» DATA EXTRACT
Lemma free_mod_rcons A L b : subspace A -> free_mod A L ->
  ~ (exists a c, A a /\ b = a + lcomb L c) -> free_mod A (rcons L b).
Proof.
move=> sA freeL b_nspan c; rewrite lcomb_rcons => Ac.
have cb0 : c (size L) = 0.
  apply/eqP/negP => /negP cb_neq0; apply: b_nspan.
  exists ((c (size L))^-1 *: (lcomb L c + c (size L) *: b)).
  exists (fun j => - (c (size L))^-1 * c j); split; first exact: subspaceZ.
  by rewrite -lcombZ scalerDr scalerA mulVf // scale1r scaleNr addrAC subrr add0r.
move: Ac; rewrite cb0 scale0r addr0 => Ac j; rewrite size_rcons ltnS leq_eqVlt.
by case/orP => [/eqP -> | ltjL] //; apply: freeL.
Qed.

Lemma free_mod_extend A B D : subspace A -> all_in B D -> free_mod A D ->
  ~ span_mod A B D ->
  exists D', [/\ all_in B D', free_mod A D' & size D' = (size D).+1].
Proof.
move=> sA BD freeD nspanD.
have [b [Bb b_nspan]] : exists b, B b /\ ~ (exists a c, A a /\ b = a + lcomb D c).
  apply: NNPP => none; apply: nspanD => b Bb.
  by apply: NNPP => b_nspan; apply: none; exists b.
exists (rcons D b); split; last by rewrite size_rcons.
- move=> j; rewrite size_rcons ltnS leq_eqVlt nth_rcons.
  by case/orP => [/eqP -> | ltjD]; [rewrite ltnn eqxx | rewrite ltjD; apply: BD].
- exact: free_mod_rcons.
Qed.

Lemma dim_mod_exists A B L : subspace A -> span_mod A B L -> exists d, dim_mod A B d.
Proof.
move=> sA spanL.
suff ext t D : all_in B D -> free_mod A D -> (size L - size D)%N = t ->
    exists d, dim_mod A B d.
  by apply: (ext _ [::]) => // [j | c _ j].
elim: t D => [|t IH] D BD freeD sizeD;
  (have [spanD | nspanD] := classic (span_mod A B D); first by exists (size D), D);
  have [D' [BD' freeD' szD']] := free_mod_extend sA BD freeD nspanD.
  have := free_mod_size_le sA spanL BD' freeD'.
  by rewrite szD' ltnNge -subn_eq0 sizeD.
by apply: (IH D') => //; rewrite szD' subnS sizeD.
Qed.

Lemma span_mod_weak A A' B B' L : subS A A' -> subS B' B ->
  span_mod A B L -> span_mod A' B' L.
Proof.
move=> AA' B'B spanL b /B'B /spanL [a [c [Aa ->]]].
by exists a, c; split => //; apply: AA'.
Qed.

Lemma dim_mod_ext A A' B B' d : (forall x, A x <-> A' x) ->
  (forall x, B x <-> B' x) -> dim_mod A B d -> dim_mod A' B' d.
Proof.
move=> AA' BB' [L [sizeL [BL spanL freeL]]]; exists L; split => //; split.
- by move=> j ltjL; apply/BB'/BL.
- by apply: span_mod_weak spanL => x; [move/AA' | move/BB'].
- by move=> c /AA'; apply: freeL.
Qed.

Lemma dim_modD A B C d1 d2 : subspace A -> subspace B -> subS A B -> subS B C ->
  dim_mod A B d1 -> dim_mod B C d2 -> dim_mod A C (d1 + d2)%N.
Proof.
move=> sA sB AB BC [L1 [<- [BL1 span1 free1]]] [L2 [<- [CL2 span2 free2]]].
exists (L1 ++ L2); split; first by rewrite size_cat.
split.
- move=> j; rewrite size_cat nth_cat; case: (ltnP j (size L1)) => [ltj1 _ | lej1 ltj].
    exact/BC/BL1.
  by apply: CL2; rewrite -(ltn_add2l (size L1)) subnKC.
- move=> x /span2 [b [c2 [/span1 [a [c1 [Aa ->]]] ->]]].
  by exists a, (fun j => if (j < size L1)%N then c1 j else c2 (j - size L1)%N);
    rewrite -lcomb_catE addrA.
- move=> c; rewrite lcomb_cat => Ac.
  have c2_0 : forall j, (j < size L2)%N -> c (size L1 + j)%N = 0.
    apply: free2; rewrite -[lcomb L2 _](addKr (lcomb L1 c)) addrC.
    by apply: (subspaceB sB); [exact: AB | exact: subspace_lcomb].
  move: Ac; rewrite (eq_lcomb c2_0) lcomb0 addr0 => Ac j; rewrite size_cat => ltj.
  case: (ltnP j (size L1)) => [ltj1 | lej1]; first exact: free1.
  by rewrite -(subnKC lej1); apply: c2_0; rewrite -(ltn_add2l (size L1)) subnKC.
Qed.

Lemma dim_mod_split A B C d : subspace A -> subspace B -> subS A B -> subS B C ->
  dim_mod A C d ->
  exists d1 d2, [/\ dim_mod A B d1, dim_mod B C d2 & d = (d1 + d2)%N].
Proof.
move=> sA sB AB BC dC; have [L [_ [_ spanL _]]] := dC.
have [d1 dB] := dim_mod_exists sA (span_mod_weak (fun x Ax => Ax) BC spanL).
have [d2 dC'] := dim_mod_exists sB (span_mod_weak AB (fun x Cx => Cx) spanL).
exists d1, d2; split => //.
exact: dim_mod_uniq sA dC (dim_modD sA sB AB BC dB dC').
Qed.

Definition zeroS (x : V) := x = 0.
Definition fullS (x : V) := True.
Definition kerS (f : V -> V) x := f x = 0.
Definition imageS (f : V -> V) A y := exists x, A x /\ y = f x.
Definition capS A B x := A x /\ B x.
Definition addS A B x := exists a b, [/\ A a, B b & x = a + b].

Lemma subspace_zeroS : subspace zeroS.
Proof. by split => // k x y -> ->; rewrite scaler0 addr0. Qed.

Lemma subspace_fullS : subspace fullS. Proof. by []. Qed.

Lemma subspace_kerS f : linear f -> subspace (kerS f).
Proof.
move=> lf; split; first exact: lin0.
by move=> k x y; rewrite /kerS lf => -> ->; rewrite scaler0 addr0.
Qed.

Lemma subspace_imageS f A : linear f -> subspace A -> subspace (imageS f A).
Proof.
move=> lf sA; split; first by exists 0; rewrite lin0 //; split => //; apply: subspace0.
move=> k _ _ [x [Ax ->]] [y [Ay ->]].
by exists (k *: x + y); rewrite lf; split => //; case: sA => _; apply.
Qed.

Lemma subspace_capS A B : subspace A -> subspace B -> subspace (capS A B).
Proof.
move=> [A0 sA] [B0 sB]; split => // k x y [Ax Bx] [Ay By].
by split; [apply: sA | apply: sB].
Qed.

Lemma subspace_addS A B : subspace A -> subspace B -> subspace (addS A B).
Proof.
move=> [A0 sA] [B0 sB]; split; first by exists 0, 0; rewrite addr0.
move=> k _ _ [a [b [Aa Bb ->]]] [a' [b' [Aa' Bb' ->]]].
exists (k *: a + a'), (k *: b + b'); split; [exact: sA | exact: sB |].
by rewrite scalerDr addrACA.
Qed.
End HardAssignment.
End Instance.

Theorem proposition11 (P V : finType) (d : P -> {set V}) (phi : fml (P * V))
    (t N lb CAN : nat)
    (Hdom : forall p, d p != set0)
    (Hatoms : forall pv, pv \in fatoms phi -> pv.2 \in d pv.1)
    (Htest : exists A, is_test d phi A)
    (Ht : 1 <= t <= #|P|)
    (HCAN : is_CAN d phi t CAN)
    (HN : 1 <= N) (Hlb : lb < CAN) (HlbN : lb + 1 <= N) :
  optimal_cost_is (Phi d phi t N lb)
    (Some ((if CAN <= N then CAN - (lb + 1) else N - (lb + 1))
           + (#|Ta d phi t| - Tmax d phi t N) * (mm N lb + 1))).
Proof.
case: Htest => A0 A0_test; split.
  have [L [L_test /andP [lb_L L_N] cost_L]] :=
    list_cost_attains_Phi_optimum HlbN A0_test HCAN Hlb.
  exists (list_assignment A0 L); split; first exact: list_assignment_hard.
  by rewrite (cost_list_assignment t HlbN A0_test L_test L_N lb_L).
move=> a a_hard; have [L [L_test L_range le_cost]] := list_cost_le_cost HlbN Hatoms A0 a_hard.
exact: leq_trans (Phi_optimum_le_list_cost HlbN A0_test HCAN Hlb L_test L_range) le_cost.
Qed.
Variable n : nat.
Local Notation pfun := {ffun 'I_n -> option 'I_n}.
Implicit Types (c : pfun) (x y z k : 'I_n).

Definition parent_rel c : rel 'I_n := fun x y => c x == Some y.

Definition acyclic c :=
  [forall x, forall y, (c x == Some y) ==> ~~ connect (parent_rel c) y x].

Lemma connect_parent c x y z : c x = Some y ->
  connect (parent_rel c) x z -> x != z -> connect (parent_rel c) y z.
Proof.
move=> cxy /connectP [[|y' p] /=]; first by move=> _ ->; rewrite eqxx.
case/andP=> /eqP; rewrite cxy => -[<-] pth zl _.
by apply/connectP; exists p.
Qed.

Lemma connect_root c x z : c x = None -> connect (parent_rel c) x z -> z = x.
Proof. by move=> cx /connectP [[|y p] /=]; [move=> _ -> | rewrite /parent_rel cx]. Qed.

Lemma connect_on_cycle c x y z : c x = Some y -> connect (parent_rel c) y x ->
  connect (parent_rel c) x z -> connect (parent_rel c) z x.
Proof.
move=> cxy cyx /connectP [p pth ->].
suff back a : connect (parent_rel c) a x -> path (parent_rel c) a p ->
    connect (parent_rel c) (last a p) x by exact: back (connect0 _ _) pth.
elim: p a {pth} => [|b p IH] a //= cax /andP [/eqP cab pth]; apply: IH pth.
have [ax|ax] := eqVneq a x; first by move: cab; rewrite ax cxy => -[<-].
exact: connect_parent cab cax ax.
Qed.

Definition height c x := #|[set z | connect (parent_rel c) x z]|.

Lemma height_gt0 c x : (0 < height c x)%N.
Proof. by apply/card_gt0P; exists x; rewrite inE connect0. Qed.

Lemma height_le c x : (height c x <= n)%N.
Proof. by rewrite -[n]card_ord max_card. Qed.

Lemma height_parent c x y : acyclic c -> c x = Some y -> (height c y < height c x)%N.
Proof.
move=> /forallP /(_ x) /forallP /(_ y) acx cxy; rewrite cxy eqxx /= in acx.
apply: proper_card; apply/properP; split.
  apply/subsetP => z; rewrite !inE; apply: connect_trans.
  by apply: connect1; rewrite /parent_rel cxy.
by exists x; rewrite !inE ?connect0.
Qed.

Lemma acyclic_of_rank (h : 'I_n -> nat) c :
  (forall x y, c x = Some y -> (h y < h x)%N) -> acyclic c.
Proof.
move=> hlt; have hle x z : connect (parent_rel c) x z -> (h z <= h x)%N.
  case/connectP=> p; elim: p x => [|y p IH] x /=; first by move=> _ ->.
  case/andP=> /eqP /hlt hyx /IH hz /hz hzy.
  exact: leq_trans hzy (ltnW hyx).
apply/forallP=> x; apply/forallP=> y; apply/implyP=> /eqP /hlt hyx.
by apply/negP=> /hle; rewrite leqNgt hyx.
Qed.

Definition set_parent c k (o : option 'I_n) : pfun :=
  [ffun x => if x == k then o else c x].

Lemma acyclic_set_parent c k i : c k = None ->
  acyclic (set_parent c k (Some i)) = acyclic c && ~~ connect (parent_rel c) i k.
Proof.
move=> ck; set c' := set_parent c k (Some i).
have sub : subrel (parent_rel c) (parent_rel c').
  by move=> x y; rewrite /parent_rel ffunE; case: (eqVneq x k) => [->|]; rewrite ?ck.
have con_sub : subrel (connect (parent_rel c)) (connect (parent_rel c')).
  by apply: connect_sub => x y /sub /connect1.
have [acc|] /= := boolP (acyclic c); last first.
  apply: contraNF => /forallP acc'; apply/forallP=> x; apply/forallP=> y.
  apply/implyP=> /eqP cxy; have := acc' x; move/forallP/(_ y).
  rewrite ffunE; case: (eqVneq x k) => [xk|_]; first by move: cxy; rewrite xk ck.
  by rewrite cxy eqxx /=; apply: contra; apply: con_sub.
have [cik|ncik] /= := boolP (connect (parent_rel c) i k).
  apply/negP=> /forallP /(_ k) /forallP /(_ i).
  by rewrite ffunE !eqxx /= con_sub.
(* A rank: the nodes from which k is reachable are lifted above all heights. *)
pose h x := (height c x + connect (parent_rel c) x k * (height c i).+1)%N.
apply: (@acyclic_of_rank h) => x y; rewrite ffunE.
have [-> [<-]|xk cxy] := eqVneq x k.
  by rewrite /h (negbTE ncik) connect0 mul0n addn0 mul1n ltn_addl.
have hxy := height_parent acc cxy; rewrite /h.
have [cxk|ncxk] := boolP (connect (parent_rel c) x k).
  by rewrite (connect_parent cxy cxk xk) ltn_add2r.
suff -> : connect (parent_rel c) y k = false by rewrite !mul0n !addn0.
apply: contraNF ncxk; apply: connect_trans; apply: connect1.
by rewrite /parent_rel cxy.
Qed.

Definition parent_step c x := odflt x (c x).

Lemma connect_iter_parent c m x : connect (parent_rel c) x (iter m (parent_step c) x).
Proof.
elim: m => [|m IH] /=; first exact: connect0.
apply: connect_trans IH _; rewrite /parent_step.
by case cx: (c _) => [y|] /=; [apply: connect1; rewrite /parent_rel cx | exact: connect0].
Qed.

Lemma iter_parent_root c k m : c k = None -> iter m (parent_step c) k = k.
Proof. by move=> ck; elim: m => //= m ->; rewrite /parent_step ck. Qed.

Lemma iter_parent_path c x p :
  path (parent_rel c) x p -> iter (size p) (parent_step c) x = last x p.
Proof.
elim: p x => [|y p IH] x //= /andP [/eqP cxy pth].
by rewrite -iterS iterSr {2}/parent_step cxy IH.
Qed.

» ASSIGNED TASK
Reproduce the entries above exactly, starting at their first line and finishing with the line that contains "by case/orP => [/eqP -> | ltjD];".

» TASK ANSWER
Lemma free_mod_rcons A L b : subspace A -> free_mod A L ->
  ~ (exists a c, A a /\ b = a + lcomb L c) -> free_mod A (rcons L b).
Proof.
move=> sA freeL b_nspan c; rewrite lcomb_rcons => Ac.
have cb0 : c (size L) = 0.
  apply/eqP/negP => /negP cb_neq0; apply: b_nspan.
  exists ((c (size L))^-1 *: (lcomb L c + c (size L) *: b)).
  exists (fun j => - (c (size L))^-1 * c j); split; first exact: subspaceZ.
  by rewrite -lcombZ scalerDr scalerA mulVf // scale1r scaleNr addrAC subrr add0r.
move: Ac; rewrite cb0 scale0r addr0 => Ac j; rewrite size_rcons ltnS leq_eqVlt.
by case/orP => [/eqP -> | ltjL] //; apply: freeL.
Qed.

Lemma free_mod_extend A B D : subspace A -> all_in B D -> free_mod A D ->
  ~ span_mod A B D ->
  exists D', [/\ all_in B D', free_mod A D' & size D' = (size D).+1].
Proof.
move=> sA BD freeD nspanD.
have [b [Bb b_nspan]] : exists b, B b /\ ~ (exists a c, A a /\ b = a + lcomb D c).
  apply: NNPP => none; apply: nspanD => b Bb.
  by apply: NNPP => b_nspan; apply: none; exists b.
exists (rcons D b); split; last by rewrite size_rcons.
- move=> j; rewrite size_rcons ltnS leq_eqVlt nth_rcons.
  by case/orP => [/eqP -> | ltjD]; [rewrite ltnn eqxx | rewrite ltjD; apply: BD].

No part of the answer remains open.